Platform pressure is increasing
The arrest comes only weeks after Department of Justice prosecutors met with Polymarket over potential insider-trading violations. That timing suggests regulators are already examining the broader enforcement posture around event-based trading platforms, not just one isolated user account.
The report also places the US case in an international context. In February, Israeli authorities arrested two citizens, an Army reservist and a civilian, for allegedly leaking classified information by placing Polymarket wagers connected to military operations. That parallel underscores how prediction markets can become especially sensitive when they intersect with defense and intelligence information.

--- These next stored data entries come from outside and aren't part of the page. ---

Lemma expresses_path_U f g Qf Qg :
  expresses f Qf -> expresses g Qg ->
  expresses_path (TU f g)
    (fun rho => exists n, Qg (rho n) /\ forall k, k < n -> Qf (rho k)).
Proof.
move=> fQ gQ r m sys_r /=; split=> [[m' [le_mm' [gm' fbefore]]] | [n [gn fbefore]]].
- exists (m' - m); split; first by rewrite /suffix subnKC //; exact/gQ.
  by move=> k lt_kn; apply/fQ => //; apply: fbefore; apply/andP; split; lia.
- exists (m + n); split; [exact: leq_addr | split; first exact/gQ].
  move=> k /andP[le_mk lt_k]; apply/fQ => //; rewrite -(subnKC le_mk).
  by apply: fbefore; lia.
Qed.

End PathFormulas.

Section Strategies.
Variables (Ag Pr : finType) (E : env Ag Pr).
Implicit Types (al : gstrat E) (rho : nat -> St E) (G : {set Ag}).

Lemma comp_Some al i f : al i = Some f -> Defs.comp al i = f.
Proof. by rewrite /Defs.comp => ->. Qed.

Lemma comp_restrict al G i : i \in G -> Defs.comp (restrict al G) i = Defs.comp al i.
Proof. by rewrite /Defs.comp /restrict => ->. Qed.

Lemma grp_restrict_sub al G : grp (restrict al G) \subset G.
Proof. by apply/subsetP => i; rewrite inE /restrict; case: ifP. Qed.

Lemma consistent_restrict al G rho : consistent al rho -> consistent (restrict al G) rho.
Proof.
move=> al_rho k; case: (al_rho k) => a [step allowed]; exists a; split=> // i f.
by rewrite /restrict; case: ifP => // _; exact: allowed.
Qed.

Lemma allowed_action_exists al (u : St E) :
  gstrat_ok al -> exists a : forall i, Act E i, forall i f, al i = Some f -> f u (a i).
Proof.
move=> al_ok.
have pick i : {x : Act E i | forall f, al i = Some f -> f u x}.
  apply: constructive_indefinite_description.
  case al_i: (al i) => [f|]; last by case: (Act_ne E i) => x; exists x.
  by case: (al_ok i f al_i u) => x fx; exists x => _ [<-].
by exists (fun i => sval (pick i)) => i; exact: svalP (pick i).
Qed.

Lemma consistent_path_exists al (t : St E) :
  gstrat_ok al -> exists rho, rho 0 = t /\ consistent al rho.
Proof.
move=> al_ok.
have next u : {v | exists a, Trans u a v /\ forall i f, al i = Some f -> f u (a i)}.
  apply: constructive_indefinite_description.
  have [a allowed] := allowed_action_exists u al_ok.
  by have [v uav] := Trans_serial u a; exists v, a.
exists (fun k => iter k (fun u => sval (next u)) t); split=> // k.
by rewrite iterS; exact: (svalP (next _)).
Qed.

End Strategies.

Section StrategySpace.
Variables (Ag Pr : finType) (E : env Ag Pr) (Sigma : gstrat E -> Prop).
Hypothesis Sigma_ok : forall al, Sigma al -> gstrat_ok al.
Hypothesis Sigma_ne : exists al, Sigma al.
Hypothesis Sigma_restr : restrictable Sigma.
Hypothesis Sigma_ext : extendable Sigma.

Local Notation E' := (@with_init _ _ E (fun _ => True)).
Local Notation sys := (stratspace Sigma).
Implicit Types (al : gstrat E) (rho : nat -> St E) (r : run E') (G : {set Ag}).

Lemma stratspace_strat r n i : sys r -> g_s (r n) i = g_s (r 0) i.
Proof.
case=> _ [_ r_ok]; elim: n => [//|n IHn].
by rewrite (proj2 (proj2 (r_ok n))) IHn.
Qed.

Lemma stratspace_obs r n i : sys r -> g_l (r n) i = obs i (g_e (r n)).
Proof. by case=> _ [_ r_ok]; exact: (proj1 (r_ok n)). Qed.

Lemma suffix_consistent r m al :
  sys r -> (forall i f, al i = Some f -> g_s (r m) i = f) -> consistent al (suffix r m).
Proof.
move=> sys_r al_r k; have [_ [_ r_ok]] := sys_r.
have [a [step allowed]] := proj1 (proj2 (r_ok (m + k))).
exists a; split; first by rewrite /suffix addnS.
move=> i f al_i; rewrite -(al_r i f al_i) (stratspace_strat m i sys_r).
by rewrite -(stratspace_strat (m + k) i sys_r).
Qed.

Definition path_run al rho : run E' :=
  fun k => GS (E := E') (rho k) (fun i => obs i (rho k)) (Defs.comp al).

Lemma path_run_stratspace al rho : Sigma al -> consistent al rho -> sys (path_run al rho).
Proof.
move=> Sal al_rho; split=> //; split; first by exists al.
move=> m; split=> //; split=> //.
have [a [step allowed]] := al_rho m; exists a; split=> // j.
rewrite /= /Defs.comp; case al_j: (al j) => [f|] //; exact: allowed.
Qed.

Lemma point_exists (t : St E) : exists r, sys r /\ g_e (r 0) = t.
Proof.
have [al Sal] := Sigma_ne.
have [rho [rho0 al_rho]] := consistent_path_exists t (Sigma_ok Sal).
by exists (path_run al rho); split=> //; exact: path_run_stratspace.
Qed.

Lemma Sigma_restrict al G : Sigma al -> Sigma (restrict al G).
Proof.
move=> Sal; have -> : restrict al G = restrict al (G :&: grp al).
  apply: functional_extensionality_dep => i; rewrite /restrict !inE.
  by case: (i \in G); case: (al i).
by apply: Sigma_restr => //; exact: subsetIr.
Qed.

Lemma extend_restriction al0 G : Sigma al0 -> exists al, Sigma al /\ grp al = G /\
  forall rho, consistent al rho -> consistent (restrict al0 G) rho.
Proof.
move=> Sal0; have [al [Sal [grp_al al_res]]] :=
  Sigma_ext (Sigma_restrict G Sal0) (grp_restrict_sub al0 G).
exists al; do 2 split=> //.
by move=> rho /(consistent_restrict (grp (restrict al0 G))); rewrite al_res.
Qed.

Definition coal_tform (G : {set Ag}) (X : tform Ag Pr) : tform Ag Pr :=
  TNeg (tK (ix_e Ag) (TNeg (TD (e_sig G) X))).

Definition enforces (G : {set Ag}) (Psi : (nat -> St E) -> Prop) (s : St E) :=
  exists al, Sigma al /\ grp al = G /\ forall rho, rho 0 = s -> consistent al rho -> Psi rho.

(* A point agreeing with (r', m') on e and sigma(G) is obtained by running,
   from the current state, the restriction to G of the strategy of r'. *)
Lemma coal_tform_enforces G X Psi r m :
  expresses_path sys X Psi -> sys r -> tsat sys (coal_tform G X) r m -> enforces G Psi (g_e (r m)).
Proof.
move=> XPsi sys_r coal; apply: NNPP => not_enf; apply: coal => r' m' sys_r' same_e D_X.
have [al0 [Sal0 al0_r']] := proj1 (proj2 sys_r').
have [al [Sal [grp_al al_al0]]] := extend_restriction G Sal0.
apply: not_enf; exists al; split=> //; split=> // rho rho0 al_rho.
have sys_run := path_run_stratspace (Sigma_restrict G Sal0) (al_al0 rho al_rho).
apply/(XPsi _ 0 sys_run); apply: (D_X _ 0 sys_run).
case=> [|//|i iG] /=; first by rewrite rho0 (same_e (ix_e Ag) erefl).
by rewrite comp_restrict // al0_r' (stratspace_strat m' i sys_r').
Qed.

Lemma enforces_coal_tform G X Psi r m :
  expresses_path sys X Psi -> sys r -> enforces G Psi (g_e (r m)) -> tsat sys (coal_tform G X) r m.
Proof.
move=> XPsi sys_r [al [Sal [grp_al al_Psi]]] not_coal.
have [rho [rho0 al_rho]] := consistent_path_exists (g_e (r m)) (Sigma_ok Sal).
apply: (not_coal (path_run al rho) 0 (path_run_stratspace Sal al_rho)).
  by move=> j ->; rewrite /= rho0.
move=> r' m' sys_r' agree; apply/XPsi => //; apply: al_Psi.
  by rewrite /suffix addn0 -(agree (ix_e Ag) I) /= rho0.
apply: suffix_consistent => // i f al_i.
have iG : i \in G by rewrite -grp_al inE al_i.
by rewrite -(agree (ix_s i) iG) /= (comp_Some al_i).
Qed.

Kalshi, Polymarket’s main US rival, is also mentioned in the report as having recently fined three politicians for violating its insider-trading rules. However, it did not refer those violations for further enforcement to the Commodity Futures Trading Commission, the federal regulator overseeing prediction markets. Taken together, these details suggest a sector under growing stress from the same question: how should insider-trading norms apply when the asset being traded is the likelihood of an event rather than a corporate security?
Polymarket’s response and the regulatory message
After Van Dyke’s arrest became public, Polymarket said on social media that it had identified a user trading on classified government information, referred the matter to the Justice Department, and cooperated with the investigation. The company declined further comment in the report.
That statement is notable because it positions the platform as a cooperating actor rather than a passive host. It also implies that platforms may increasingly be expected to detect suspicious behavior and escalate it to law enforcement when nonpublic government information appears to be involved.
CFTC Chairman Michael Selig delivered a stronger regulatory signal. In a statement quoted in the report, he said that anyone engaging in fraud, manipulation, or insider trading in these markets would face the full force of the law. He also tied the alleged conduct to national-security risk, saying the defendant had been entrusted with confidential information about US operations and acted in a way that endangered American service members.
That language suggests the case will not be treated as a narrow compliance matter. Regulators appear prepared to frame misconduct on prediction markets as a threat both to market integrity and, in some cases, to operational security.
What comes next for event-based trading
The Van Dyke case could become a defining early test of how US authorities police information advantages in event markets. Traditional insider-trading frameworks developed around securities and material nonpublic corporate information. Prediction markets raise a related but distinct challenge because the tradable asset is often a political, military, or legal outcome.
The federal prosecution does not resolve all of those legal questions, but it does make one point unmistakably clear: authorities believe existing market-manipulation and commodities laws can reach at least some forms of trading based on classified government knowledge. That will likely matter to platforms, regulators, lawmakers, and participants alike.
For the industry, the immediate issue is trust. Prediction markets depend on the idea that users are competing on analysis, judgment, and publicly available signals. A case built around classified intelligence cuts directly against that premise. If more such cases emerge, calls for tighter surveillance, mandatory reporting, and stronger compliance systems are likely to intensify.
For now, the Van Dyke indictment marks a first in the United States and a warning to a rapidly growing sector: as prediction markets move closer to the center of finance and public life, they are also moving closer to the full weight of enforcement.